I had 6 stitches from splitting the side of my mouth open on a desk(long story) and I never got a battle scar. 

Glad he's okay though.


----------



## Bowhunter500 (Mar 23, 2007)

Haha wow.. thats crazy funny right there! At least hes alright tho!

And yes.. as for adults posting in here.. I dont mind it at all.. helps us with our problems and corrections they can make for us! We all learn from eachother!!


----------



## RecordKeeper (May 9, 2003)

Bowhunter500 said:


> Haha wow.. thats crazy funny right there! At least hes alright tho!
> 
> And yes.. as for adults posting in here.. I dont mind it at all.. helps us with our problems and corrections they can make for us! We all learn from eachother!!
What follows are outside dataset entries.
Definition Mbound (k : nat) (lam : C) (N : nat) : R :=
  if cmod lam < 1 then
    Num.min (k%:R / (1 - cmod lam) `^ (k%:R - 2^-1)) (Mtilde k N)
  else Mtilde k N.

Definition K2 (r : nat) (lam : 'I_r -> C) (k : 'I_r -> nat) (N : nat) : R :=
  \big[Num.max/0]_(i < r) Mbound (k i) (lam i) N.

End Defs.

From HB Require Import structures.
From mathcomp Require Import all_boot all_order all_algebra.
From mathcomp Require Import all_classical all_reals all_analysis.
From mathcomp Require Import complex ring lra.
Import Order.TTheory GRing.Theory Num.Theory.
Set Implicit Arguments. Unset Strict Implicit. Unset Printing Implicit Defensive.
Local Open Scope ring_scope.

(* Split x = (x_0, ..., x_n) into blocks.  Then
   M_{n+1} x = D x_0 + (C S) \sum_{j<n} J^j (S^-1 B x_{j+1}),
   and J is block diagonal with blocks J_k(lam) = lam + N, N nilpotent of
   order k, so |J_k(lam)^j w| <= a_j |w| with a_j = \sum_{i<k} C(j,i) |lam|^(j-i).
   By Cauchy-Schwarz it remains to show sqrt (\sum_{j<n} a_j^2) <= M(k, lam, n).
   For |lam| <= 1 bound each a_j by 1 (k = 1), by \sum_{i<k} C(n,i) <=
   (e n / (k-1))^(k-1) (k <= n+1), or by 2^n; for |lam| < 1 the negative
   binomial series gives a_j <= k (1-|lam|)^(1-k) and \sum_j a_j <= k (1-|lam|)^-k.
   Every lam is an eigenvalue of A, hence |lam| <= rho(A) <= 1.  Monotonicity
   in n: pad x with a zero last block. *)

Section RealBounds.
Context {R : realType}.
Implicit Types rho : R.

Lemma sqrtr_le (s a : R) : 0 <= a -> s <= a ^+ 2 -> Num.sqrt s <= a.
Proof. by move=> a0 sa; rewrite -[a]ger0_norm // -sqrtr_sqr ler_wsqrtr. Qed.

Lemma CauchySchwarz_sum (I : finType) (a b : I -> R) :
  \sum_i a i * b i <= Num.sqrt (\sum_i a i ^+ 2) * Num.sqrt (\sum_i b i ^+ 2).
Proof.
set s := \sum_i a i * b i; set A := \sum_i a i ^+ 2; set B := \sum_i b i ^+ 2.
have A0 : 0 <= A by apply: sumr_ge0 => i _; exact: sqr_ge0.
have B0 : 0 <= B by apply: sumr_ge0 => i _; exact: sqr_ge0.
rewrite -sqrtrM // (le_trans (ler_norm s)) // -sqrtr_sqr ler_wsqrtr //.
have [A_eq0|A_neq0] := eqVneq A 0.
  have a0 i : a i = 0.
    apply/eqP; rewrite -sqrf_eq0; apply/eqP.
    by apply: (psumr_eq0P _ A_eq0) => // j _; exact: sqr_ge0.
  by rewrite /s big1 ?expr0n ?mulr_ge0 // => i _; rewrite a0 mul0r.
(* [A (A B - s^2)] is the sum of squares [\sum_i (s a_i - A b_i)^2]. *)
have : 0 <= A * (A * B - s ^+ 2).
  have -> : A * (A * B - s ^+ 2) = \sum_i (s * a i - A * b i) ^+ 2.
    transitivity (\sum_i (s ^+ 2 * a i ^+ 2 - (2 * s * A) * (a i * b i)
                          + A ^+ 2 * b i ^+ 2)).
      by rewrite big_split /= sumrB -!mulr_sumr -/s -/A -/B; ring.
    by apply: eq_bigr => i _; ring.
  by apply: sumr_ge0 => i _; exact: sqr_ge0.
by rewrite pmulr_rge0 ?subr_ge0 // lt_def A_neq0.
Qed.

Lemma sqrt_sum_sqr_le (N : nat) (a : 'I_N -> R) (c : R) : 0 <= c ->
  (forall j, 0 <= a j <= c) -> Num.sqrt (\sum_j a j ^+ 2) <= Num.sqrt N%:R * c.
Proof.
move=> c0 ac; rewrite -[c]ger0_norm // -sqrtr_sqr -sqrtrM // ler_wsqrtr //.
apply: (@le_trans _ _ (\sum_(j < N) c ^+ 2)).
  by apply: ler_sum => j _; case/andP: (ac j) => aj0 ajc; rewrite lerXn2r.
by rewrite sumr_const card_ord mulr_natl.
Qed.

Lemma powR_Sn_sub_half (x : R) (K : nat) : 0 < x ->
  x `^ (K.+1%:R - 2^-1) = x ^+ K * Num.sqrt x.
Proof.
move=> x0; have -> : K.+1%:R - 2^-1 = K%:R + 2^-1 :> R by rewrite mulrSr; lra.
rewrite powRD; last by rewrite gt_eqF ?implybT.
by rewrite powR_mulrn ?ltW // powR12_sqrt // ltW.
Qed.

Lemma binomial_term_le1 rho j i : 0 <= rho -> rho <= 1 ->
  'C(j, i)%:R * rho ^+ (j - i) * (1 - rho) ^+ i <= 1.
Proof.
move=> rho0 rho1; case: (leqP i j) => [ij|ji]; last by rewrite bin_small // !mul0r.
(* a single term of the binomial expansion of [(rho + (1 - rho))^j = 1] *)
have E := exprDn rho (1 - rho) j; rewrite addrC subrK expr1n in E.
rewrite [X in _ <= X]E (bigD1 (Ordinal (ij : i < j.+1)%N)) //=.
rewrite -[X in X <= _]mulrA mulr_natl lerDl.
by apply: sumr_ge0 => l _; rewrite mulrn_wge0 // mulr_ge0 ?exprn_ge0 ?subr_ge0.
Qed.

Lemma binomial_partial_sum_le K N : (0 < K)%N -> (K <= N)%N ->
  \sum_(i < K.+1) 'C(N, i)%:R <= (expR 1 / K%:R) ^+ K * N%:R ^+ K :> R.
Proof.
move=> K0 KN; have Kr : 0 < K%:R :> R by rewrite ltr0n.
have Nr : 0 < N%:R :> R by rewrite ltr0n (leq_trans K0).
(* compare with [(1 + y)^N <= e^(y N)] at [y = K / N] *)
set y : R := K%:R / N%:R.
have y0 : 0 < y by rewrite divr_gt0.
have y1 : y <= 1 by rewrite ler_pdivrMr // mul1r ler_nat.
have sum_le : (\sum_(i < K.+1) 'C(N, i)%:R) * y ^+ K <= (1 + y) ^+ N.
  rewrite exprDn mulr_suml (bigID (fun i : 'I_N.+1 => (i < K.+1)%N)) /=.
  rewrite (big_ord_widen N.+1 (fun i => 'C(N, i)%:R * y ^+ K)) ?ltnS //.
  apply: ler_wpDr.
    by apply: sumr_ge0 => i _; rewrite mulrn_wge0 ?mulr_ge0 ?exprn_ge0 ?ltW.
  apply: ler_sum => i iK; rewrite expr1n mul1r -[X in _ <= X]mulr_natl.
  by apply: ler_wpM2l => //; exact: (ler_wiXn2l (ltW y0) y1 (iK : (i <= K)%N)).
have exp_le : (1 + y) ^+ N <= expR 1 ^+ K.
  have -> : expR 1 ^+ K = expR y ^+ N.
    by rewrite -!expRM_natl mulr1 /y mulrC divfK ?lt0r_neq0.
  by apply: lerXn2r; rewrite ?nnegrE ?expR_ge1Dx ?expR_ge0 // addr_ge0 // ltW.
have -> : (expR 1 / K%:R) ^+ K * N%:R ^+ K = expR 1 ^+ K / y ^+ K.
  by rewrite /y !expr_div_n; field; rewrite !expf_neq0 ?lt0r_neq0.
by rewrite ler_pdivlMr ?exprn_gt0 // (le_trans sum_le exp_le).
Qed.

Definition negbin_sum rho (i N : nat) : R :=
  \sum_(j < N) 'C(j, i)%:R * rho ^+ (j - i).

Lemma negbin_sum_le_succ rho i N : 0 <= rho ->
  negbin_sum rho i N <= negbin_sum rho i N.+1.
Proof.
by move=> rho0; rewrite /negbin_sum big_ord_recr lerDl mulr_ge0 ?exprn_ge0.
Qed.

Lemma negbin_sum0S rho N : negbin_sum rho 0 N.+1 = rho * negbin_sum rho 0 N + 1.
Proof.
rewrite /negbin_sum big_ord_recl bin0 subn0 expr0 mulr1 addrC mulr_sumr.
by congr (_ + _); apply: eq_bigr => j _; rewrite !bin0 !subn0 exprS; ring.
Qed.

Lemma negbin_sumSS rho i N :
  negbin_sum rho i.+1 N.+1 = rho * negbin_sum rho i.+1 N + negbin_sum rho i N.
Proof.
rewrite /negbin_sum big_ord_recl bin0n mul0r add0r.
under eq_bigr => j _ do rewrite binS natrD subSS mulrDl.
rewrite big_split /= mulr_sumr; congr (_ + _); apply: eq_bigr => j _.
case: (ltnP i j) => [ij|]; first by rewrite -(subnSK ij) exprS; ring.
by move=> ji; rewrite bin_small ?ltnS // !mul0r mulr0.
Qed.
I gotta tell ya....there is very little need for adults to post in here. And very little need for moderator action either. The only real problems I have seen in here over the years is when adults do post in here!:noidea:

You folks are great at taking care of things yourselves. This is a great forum and it needs almost no monitoring at all.

I'm really proud of all of you!


----------



## Bowhunter500 (Mar 23, 2007)

Recordkeeper said:


> I gotta tell ya....there is very little need for adults to post in here. And very little need for moderator action either. The only real problems I have seen in here over the years is when adults do post in here!:noidea:
> 
> You folks are great at taking care of things yourselves. This is a great forum and it needs almost no monitoring at all.
> 
> I'm really proud of all of you!


Thanks a bunch! We all seem to find a way to help eachother out the best we can! 
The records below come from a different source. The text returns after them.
(* Let $p\geq 1$ be an integer and let $G=\langle a,t\mid ta^pt^{-1}=a^p\rangle$ be the Baumslag--Solitar group $BS(p,p)$. Every element $x\in G$ can be written uniquely as $x=w(a,t)a^N$, where $N\in\mathbb Z$ and $w(a,t)$ is a freely reduced word belonging to $\{t,at,\ldots,a^{p-1}t,\,t^{-1},at^{-1},\ldots,a^{p-1}t^{-1}\}^*$. There exists a constant $C_1>0$ such that for every $x\in G$ with this normal form $x=w(a,t)a^N$, $$C_1(|w|+|N|)\leq \|x\|\leq |w|+|N|,$$ where $|w|$ is the number of letters of $w$ as a word over $\{a^{\pm1},t^{\pm1}\}$ and $\|x\|$ is the word length of $x$ with respect to the generating set $\{a,t\}$.
   Context: $X^*$ denotes the set of finite concatenations of words from $X$. *)

(* The Baumslag--Solitar group BS(p,p) = < a, t | t a^p t^-1 = a^p >
   is modelled by its presentation: elements are words over {a^{±1}, t^{±1}}
   modulo the congruence generated by free cancellation and the defining relator. *)
From Stdlib Require Import List Arith ZArith Reals Relations ClassicalEpsilon.
Import ListNotations.

Inductive letter : Type := A | Ai | T | Ti.

Definition word := list letter.

Definition linv (x : letter) : letter :=
  match x with A => Ai | Ai => A | T => Ti | Ti => T end.

Inductive bs_rule (p : nat) : word -> word -> Prop :=
| rule_free : forall x : letter, bs_rule p [x; linv x] []
| rule_rel  : bs_rule p ([T] ++ repeat A p ++ [Ti]) (repeat A p).

Inductive bs_step (p : nat) : word -> word -> Prop :=
| step_ctx : forall u v l r, bs_rule p l r -> bs_step p (u ++ l ++ v) (u ++ r ++ v).

Definition bs_eq (p : nat) : word -> word -> Prop := clos_refl_sym_trans word (bs_step p).

Definition apow (N : Z) : word :=
  if (0 <=? N)%Z then repeat A (Z.to_nat N) else repeat Ai (Z.to_nat (- N)).

Definition freely_reduced (w : word) : Prop :=
  forall (u v : word) (x : letter), w <> u ++ [x; linv x] ++ v.

Definition in_Xstar (p : nat) (w : word) : Prop :=
  exists blocks : list (nat * bool),
    Forall (fun b : nat * bool => fst b < p) blocks /\
    w = flat_map (fun b : nat * bool => repeat A (fst b) ++ [if snd b then T else Ti]) blocks.

Definition normal_form_word (p : nat) (w : word) : Prop :=
  in_Xstar p w /\ freely_reduced w.

Definition is_word_length (p : nat) (u : word) (n : nat) : Prop :=
  (exists v, bs_eq p v u /\ length v = n) /\ (forall v, bs_eq p v u -> n <= length v).

Definition wlen (p : nat) (u : word) : nat :=
  epsilon (inhabits 0) (fun n => is_word_length p u n).

(* Right multiplication by a generator acts on pairs (w, N), w a normal form word stored as a
   stack of blocks a^i t^(+-1) with 0 <= i < p: a^(+-1) changes N, and t^e moves the central
   element a^(N - N mod p) across t^e, then either pushes the block a^(N mod p) t^e or cancels
   the top block a^i t^-e.  The pair reached by reading a word is invariant under the defining
   relations, and reading w a^N gives back (w, N); this yields existence and uniqueness of normal
   forms.  Reading a letter changes |w| + |N| by at most 2p, so reading a geodesic word for x gives
   |w| + |N| <= 2p ||x||, while w a^N itself is a word for x of length |w| + |N|. *)

From Stdlib Require Import List Arith ZArith Reals Lia Lra Relations Setoid Morphisms
  Classical ClassicalEpsilon Wf_nat.
Import ListNotations.

#[global] Instance bs_eq_Equivalence (p : nat) : Equivalence (bs_eq p).
Proof.
  split.
  - intro; apply rst_refl.
  - intros u v; apply rst_sym.
  - intros u v w; apply rst_trans.
Qed.

Lemma bs_eq_app_l (p : nat) (l u v : word) : bs_eq p u v -> bs_eq p (l ++ u) (l ++ v).
Proof.
  induction 1 as [u v [u0 v0 lhs rhs Hr] | | | ]; try (now econstructor; eauto).
  apply rst_step. rewrite !app_assoc, <- !(app_assoc (l ++ u0)). now constructor.
Qed.

Lemma bs_eq_app_r (p : nat) (r u v : word) : bs_eq p u v -> bs_eq p (u ++ r) (v ++ r).
Proof.
  induction 1 as [u v [u0 v0 lhs rhs Hr] | | | ]; try (now econstructor; eauto).
  apply rst_step. rewrite <- !app_assoc. now constructor.
Qed.

#[global] Instance app_bs_eq_Proper (p : nat) :
  Proper (bs_eq p ==> bs_eq p ==> bs_eq p) (@app letter).
Proof.
  intros u u' Hu v v' Hv. transitivity (u' ++ v).
  - now apply bs_eq_app_r.
  - now apply bs_eq_app_l.
Qed.

Section Presentation.
Variable p : nat.

Lemma bs_eq_rule (l r : word) : bs_rule p l r -> bs_eq p l r.
Proof.
  intro H. apply rst_step. rewrite <- (app_nil_r l), <- (app_nil_r r).
  exact (step_ctx p [] [] l r H).
Qed.

Lemma bs_eq_cancel (x : letter) : bs_eq p [x; linv x] [].
Proof. apply bs_eq_rule, rule_free. Qed.

Lemma apow_of_nat (n : nat) : apow (Z.of_nat n) = repeat A n.
Proof. unfold apow. rewrite Nat2Z.id. now destruct (Z.leb_spec 0 (Z.of_nat n)); [|lia]. Qed.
But also thank you for monitoring the forum occasionally to keep this a "Youth" forum! Im on this website more than any other website i get on! I love it here! haha:wink::tongue:


----------



## **Frost Bite** (Jan 13, 2006)

Recordkeeper said:


> I gotta tell ya....there is very little need for adults to post in here. And very little need for moderator action either. The only real problems I have seen in here over the years is when adults do post in here!:noidea:
> 
> You folks are great at taking care of things yourselves. This is a great forum and it needs almost no monitoring at all.
> 
> I'm really proud of all of you!


Haven't really noticed!! Maybe a few adults that swing by every once in awhile is what keeps it going?  Whatever is going on, I hope it stays this way!!!


----------



## armyboy (Jul 10, 2007)

**Frost Bite** said:


> Haven't really noticed!! Maybe a few adults that swing by every once in awhile is what keeps it going?  Whatever is going on, I hope it stays this way!!!


same here i don't mind adults posting one bit.


----------



## diamond87 (Nov 8, 2007)

i bet that felt good. :wink:


----------



## kegan (Aug 28, 2006)

Ouch- a cut is one thing, but having to sew it shut (shudder). Tough kid

Everyone is welcome... seems we all just want to talk about archery


----------



## IGluIt4U (Sep 22, 2004)

sneak1413 said:


> am i considered to old at 19?


Nope.. :wink:


----------



## baldybarton (Jan 3, 2007)

i had a baseball split my lip on the in side of my mouth and got 3 stitches so i know the feeling. not fun.


----------



## master hunter (Oct 9, 2007)

why the hell did his teacher throw a book at him?:jaw:


----------